I have been teaching in HE for twenty years, and over this time both my teaching and research has naturally evolved. My roots lie in TESOL and language teacher education, and my identity and practices as a teacher have been significantly influenced by this. My MA thesis explored the roles that visuals play in language learning materials, and this initiated a life-long fascination in visual cultures and narratives, and sparked my interest in comics as a form of visual storytelling.

My current teaching is highly interdisciplinary as I lead and teach across under and postgraduate modules in creative writing, English language, media and literature and include cinema, landscape writing, intercultural communication, teacher training and, of course, comics. I developed the first (and only!) comics-specific module in the university, and the success of this has seen students apply comics and comics studies both critically and creatively in their dissertations (including a student soon to finish their comics-related PhD). I also co-curate the Graphic Brighton symposium which brings together comics scholars, creators, publishers and readers and orientates around different themes in each iteration (previous themes include comics and the local community, inclusivity and marginalised voices, war and conflict, music and comics as research method, with plans underway for 'comics and children' in 2022). Graphic Brighton also offers a space for students to present work, give papers  and get involved. 

As a frequent walker, I am also interested in ways that walking can be used creatively and critically within my own work, both as a way of connecting story to teller to place and as a vital part of the creative (and thinking) processes. 

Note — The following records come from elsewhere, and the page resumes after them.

(* For every positive integer $n$, $$E(n)=\sum_{d\mid n}\mu(d)\left(\left\lfloor\frac{n}{2d}\right\rfloor+1\right),$$ where $\mu$ is the Möbius function.
   Context: Define on triples of integers $\Gamma_{0,1}(\tau_1,\tau_2,\tau_3)=(\tau_2,\tau_3,\tau_2+\tau_3)$ and $\Gamma_{0,2}(\tau_1,\tau_2,\tau_3)=(\tau_1,\tau_3,\tau_1+\tau_3)$. The $(1,0)$-Euclid tree is the set of triples obtained from the root $(1,1,2)$ by finitely many (possibly zero) applications of $\Gamma_{0,1},\Gamma_{0,2}$. Define $E(1)=1$ and, for $n\ge2$, $E(n)$ as the number of distinct triples $T$ on the $(1,0)$-Euclid tree whose largest entry equals $n$. *)

From HB Require Import structures.
From mathcomp Require Import all_boot all_order all_algebra.
Set Implicit Arguments. Unset Strict Implicit. Unset Printing Implicit Defensive.
Import Order.TTheory GRing.Theory Num.Theory.

(* Triples (tau1, tau2, tau3) of naturals: every triple on
   the (1,0)-Euclid tree has positive entries, so nat is no restriction. *)
Definition triple := (nat * nat * nat)%type.

Definition Gamma01 (t : triple) : triple :=
  let: (t1, t2, t3) := t in (t2, t3, t2 + t3).
Definition Gamma02 (t : triple) : triple :=
  let: (t1, t2, t3) := t in (t1, t3, t1 + t3).

Inductive on_euclid_tree : triple -> Prop :=
  | et_root : on_euclid_tree (1, 1, 2)
  | et_g1 t : on_euclid_tree t -> on_euclid_tree (Gamma01 t)
  | et_g2 t : on_euclid_tree t -> on_euclid_tree (Gamma02 t).

Definition largest (t : triple) : nat :=
  let: (t1, t2, t3) := t in maxn t1 (maxn t2 t3).

Definition E_is (n k : nat) : Prop :=
  if n == 1%N then k = 1%N
  else exists s : seq triple,
      [/\ uniq s,
          (forall t, t \in s <-> on_euclid_tree t /\ largest t = n)
        & size s = k].

Definition mobius (d : nat) : int :=
  if (0 < d)%N && all (fun p => logn p d <= 1)%N (primes d)
  then ((-1) ^+ size (primes d))%R else 0%R.

(* A triple lies on the tree iff it is (a, b, a + b) with 0 < a <= b and
   gcd(a, b) = 1: the two maps preserve this shape, and conversely such a
   triple with a < b is the image of (a, b - a, b) or (b - a, a, b), which is
   smaller.  The triples with largest entry n therefore correspond to the
   integers 1 <= a <= n/2 coprime to n, and these are counted by Moebius
   inversion, since the sum of mu over the divisors of m is [m = 1]. *)
From HB Require Import structures.
From mathcomp Require Import all_boot all_order all_algebra.
From mathcomp Require Import zify.
Import Order.TTheory GRing.Theory Num.Theory.

Lemma coprimeDl m n : coprime m (m + n) = coprime m n.
Proof. by rewrite /coprime gcdnDl. Qed.

Lemma coprimeDr m n : coprime m (n + m) = coprime m n.
Proof. by rewrite /coprime gcdnDr. Qed.

Definition euclid_shape (t : triple) : bool :=
  let: (a, b, c) := t in [&& c == a + b, 0 < a, a <= b & coprime a b].

Lemma euclid_tree_shape t : on_euclid_tree t -> euclid_shape t.
Proof.
elim=> [|[[a b] c] _ IH|[[a b] c] _ IH] //=;
  move: IH => /and4P[/eqP-> a_gt0 le_ab co_ab]; rewrite eqxx /=.
- by rewrite (leq_trans a_gt0 le_ab) leq_addl coprimeDr coprime_sym.
- by rewrite a_gt0 leq_addr coprimeDl.
Qed.

Lemma euclid_shape_tree t : euclid_shape t -> on_euclid_tree t.
Proof.
case: t => [[a b] c]; elim: b {-2}b (leqnn b) a c => [|N IH] b le_bN a c /=.
  by move=> /and4P[_ a_gt0 le_ab]; lia.
move=> /and4P[/eqP-> a_gt0 le_ab co_ab].
have [eq_ab|ne_ab] := eqVneq a b.
  by move: co_ab; rewrite -eq_ab /coprime gcdnn => /eqP->; exact: et_root.
have co_a_ba : coprime a (b - a) by rewrite -coprimeDl subnKC.
have [le_a_ba|lt_ba_a] := leqP a (b - a).
- have -> : (a, b, a + b) = Gamma02 (a, b - a, b) by [].
  apply/et_g2/IH; first by lia.
  by rewrite /= subnKC // eqxx a_gt0 le_a_ba co_a_ba.
- have -> : (a, b, a + b) = Gamma01 (b - a, a, b) by [].
  apply/et_g1/IH; first by lia.
  by rewrite /= subnK // eqxx coprime_sym co_a_ba (ltnW lt_ba_a) andbT; lia.
Qed.

Lemma on_euclid_treeE t : on_euclid_tree t <-> euclid_shape t.
Proof. by split; [exact: euclid_tree_shape | exact: euclid_shape_tree]. Qed.

Definition euclid_triples (n : nat) : seq triple :=
  [seq (a, n - a, n) | a <- [seq a <- iota 1 n./2 | coprime a n]].

Lemma euclid_triples_uniq n : uniq (euclid_triples n).
Proof. by rewrite map_inj_uniq ?filter_uniq ?iota_uniq // => x y []. Qed.

Lemma mem_euclid_triples n t :
  t \in euclid_triples n <-> on_euclid_tree t /\ largest t = n.
Proof.
rewrite on_euclid_treeE; case: t => [[a b] c] /=; split.
  move=> /mapP[x]; rewrite mem_filter mem_iota -divn2 => /andP[co_xn x_range].
  case=> -> -> ->; have le_xn : x <= n by lia.
  rewrite subnKC // eqxx -coprimeDl subnKC // co_xn andbT; split; lia.
move=> [/and4P[/eqP-> a_gt0 le_ab co_ab] largest_n].
have -> : n = a + b by lia.
apply/mapP; exists a; last by rewrite addKn.
by rewrite mem_filter mem_iota coprimeDl co_ab -divn2 /=; lia.
Qed.

Local Open Scope ring_scope.

Lemma mobius_mul_prime_dvd p d : prime p -> (p %| d)%N -> mobius (p * d) = 0.
Proof.
move=> p_pr p_d; rewrite /mobius.
have [->|d_gt0] := posnP d; first by rewrite muln0.
suff -> : all (fun q => logn q (p * d) <= 1)%N (primes (p * d)) = false.
  by rewrite andbF.
apply/negbTE/allPn; exists p.
  by rewrite mem_primes p_pr muln_gt0 prime_gt0 // d_gt0 dvdn_mulr.
have p_gt0 := prime_gt0 p_pr.
by rewrite lognM // logn_prime // eqxx -ltnNge ltnS lognE p_pr d_gt0 p_d.
Qed.

Lemma mobius_mul_prime p d :
  prime p -> ~~ (p %| d)%N -> (0 < d)%N -> mobius (p * d) = - mobius d.
Proof.
move=> p_pr p_nd d_gt0; rewrite /mobius; have p_gt0 := prime_gt0 p_pr.
have p_notin : p \notin primes d by rewrite mem_primes (negbTE p_nd) !andbF.
have primes_pd : perm_eq (primes (p * d)) (p :: primes d).
  apply: uniq_perm; rewrite ?primes_uniq //= ?p_notin ?primes_uniq // => q.
  by rewrite primesM // in_cons primes_prime // mem_seq1.
rewrite (perm_size primes_pd) (perm_all _ primes_pd) /= muln_gt0 p_gt0 d_gt0 /=.
rewrite lognM // logn_prime // eqxx lognE (negbTE p_nd) !andbF /=.
rewrite (@eq_in_all _ _ (fun q => logn q d <= 1)%N); last first.
  move=> q; rewrite mem_primes => /and3P[q_pr _ q_d].
  rewrite lognM // logn_prime //; case: eqP => // eq_qp.
  by rewrite -eq_qp q_d in p_nd.
by case: ifP => _; rewrite ?oppr0 // exprS mulN1r.
Qed.

Lemma divisors_gt0 [n d] : (0 < n)%N -> d \in divisors n -> (0 < d)%N.
Proof. by move=> n_gt0; rewrite -dvdn_divisors // => /dvdn_gt0; apply. Qed.

Lemma sum_mobius_divisors n :
  (0 < n)%N -> \sum_(d <- divisors n) mobius d = (n == 1%N)%:R.
Proof.
move=> n_gt0; have [->|n_ne1] := eqVneq n 1%N; first by rewrite big_seq1.
have n_gt1 : (1 < n)%N by lia.
move: (pdiv n) (pdiv_prime n_gt1) (pdiv_dvd n) => p p_pr /dvdnP[m].
rewrite mulnC => n_eq; rewrite {}n_eq {n_ne1 n_gt1} in n_gt0 *.
have p_gt0 := prime_gt0 p_pr.
have m_gt0 : (0 < m)%N by move: n_gt0; rewrite muln_gt0 => /andP[].
(* The divisors of p m that are multiples of p are the p d with d | m, and
   those prime to p are the divisors of m prime to p; mu(p d) = - mu(d) for
   the latter and mu(p d) = 0 for the others. *)
have dvd_p : perm_eq [seq d <- divisors (p * m) | (p %| d)%N]
                     [seq (p * d)%N | d <- divisors m].
  apply: uniq_perm.
  - by rewrite filter_uniq ?divisors_uniq.
  - rewrite map_inj_uniq ?divisors_uniq // => x y /eqP.
    by rewrite eqn_pmul2l // => /eqP.
  move=> x; rewrite mem_filter -dvdn_divisors //; apply/andP/mapP.
    move=> [/dvdnP[y ->] y_pm]; exists y; last by rewrite mulnC.
    by rewrite -dvdn_divisors // -(dvdn_pmul2l p_gt0) mulnC.
  by move=> [y y_m ->]; rewrite dvdn_mulr // dvdn_pmul2l ?dvdn_divisors.
have ndvd_p : perm_eq [seq d <- divisors m | ~~ (p %| d)%N]
                      [seq d <- divisors (p * m) | ~~ (p %| d)%N].
  apply: uniq_perm; rewrite ?filter_uniq ?divisors_uniq // => x.
  rewrite !mem_filter -!dvdn_divisors //; apply/andP/andP => -[p_nx x_d].
    by rewrite dvdn_mull.
  have co_xp : coprime x p by rewrite coprime_sym prime_coprime.
  by rewrite -(Gauss_dvdr m co_xp).
rewrite (bigID (fun d => p %| d)%N) -big_filter (perm_big _ dvd_p) big_map /=.
rewrite (bigID (fun d => p %| d)%N) /= big1 ?add0r; last first.
  by move=> d p_d; rewrite mobius_mul_prime_dvd.
rewrite -[X in _ + X]big_filter -(perm_big _ ndvd_p) big_filter -big_split /=.
rewrite big_seq_cond big1 // => d /andP[d_m p_nd].
by rewrite mobius_mul_prime ?addNr // (divisors_gt0 m_gt0 d_m).
Qed.

Lemma count_coprime_iota m n : (0 < n)%N ->
  (count (coprime^~ n) (iota 1 m))%:Z =
  \sum_(d <- divisors n) mobius d * (m %/ d)%N%:Z.
Proof.
move=> n_gt0; elim: m => [|m IH].
  by rewrite big1 // => d _; rewrite div0n mulr0.
have -> : iota 1 m.+1 = iota 1 m ++ [:: m.+1] by rewrite -[m.+1]addn1 iotaD add1n addn1.
rewrite count_cat PoszD IH /= addn0.
have gcd_gt0 : (0 < gcdn m.+1 n)%N by rewrite gcdn_gt0.
have dvd_gcd : perm_eq [seq d <- divisors n | (d %| m.+1)%N]
                       (divisors (gcdn m.+1 n)).
  apply: uniq_perm; rewrite ?filter_uniq ?divisors_uniq // => x.
  by rewrite mem_filter -!dvdn_divisors // dvdn_gcd andbC.
have -> : \sum_(d <- divisors n) mobius d * (m.+1 %/ d)%N%:Z =
   \sum_(d <- divisors n) mobius d * (m %/ d)%N%:Z +
   \sum_(d <- divisors n | (d %| m.+1)%N) mobius d.
  rewrite [X in _ = _ + X]big_mkcond -big_split /= !big_seq.
  apply: eq_bigr => d d_n.
  rewrite divnS ?(divisors_gt0 n_gt0 d_n) // PoszD mulrDr addrC.
  by case: (d %| m.+1)%N; rewrite ?mulr1 ?mulr0.
rewrite -[X in _ = _ + X]big_filter (perm_big _ dvd_gcd).
by rewrite sum_mobius_divisors // /coprime; case: eqP.
Qed.

Theorem corollary3p5 (n : nat) (hn : (0 < n)%N) :
  exists k : nat, E_is n k /\
    k%:Z = \sum_(d <- divisors n) mobius d * ((n %/ (2 * d))%N%:Z + 1).
Proof.
exists (count (coprime^~ n) (iota 1 n./2) + (n == 1%N))%N; split.
  rewrite /E_is; have [-> //|n_ne1] := eqVneq n 1%N.
  exists (euclid_triples n); split.
  - exact: euclid_triples_uniq.
  - exact: mem_euclid_triples.
  - by rewrite size_map size_filter addn0.
under eq_bigr do rewrite mulrDr mulr1.
rewrite big_split /= sum_mobius_divisors // PoszD count_coprime_iota //.
congr (_ + _); last by case: (n == 1%N).
by apply: eq_bigr => d _; rewrite divnMA divn2.
Qed.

I am a part-time doctoral student at Central Saint Martins, University of the Arts, London where I am doing a practice-based PhD that explores visual representations of witches in the British folk landscape, using walking and aspects of psychogeography to create an anthology of papercut comics. The creative practice-based part of my work is done through collaboration with an artist, thus enabling each story to be a negotiated construction that fuses multiple responses to the witch narratives and the walking experiences that frame them.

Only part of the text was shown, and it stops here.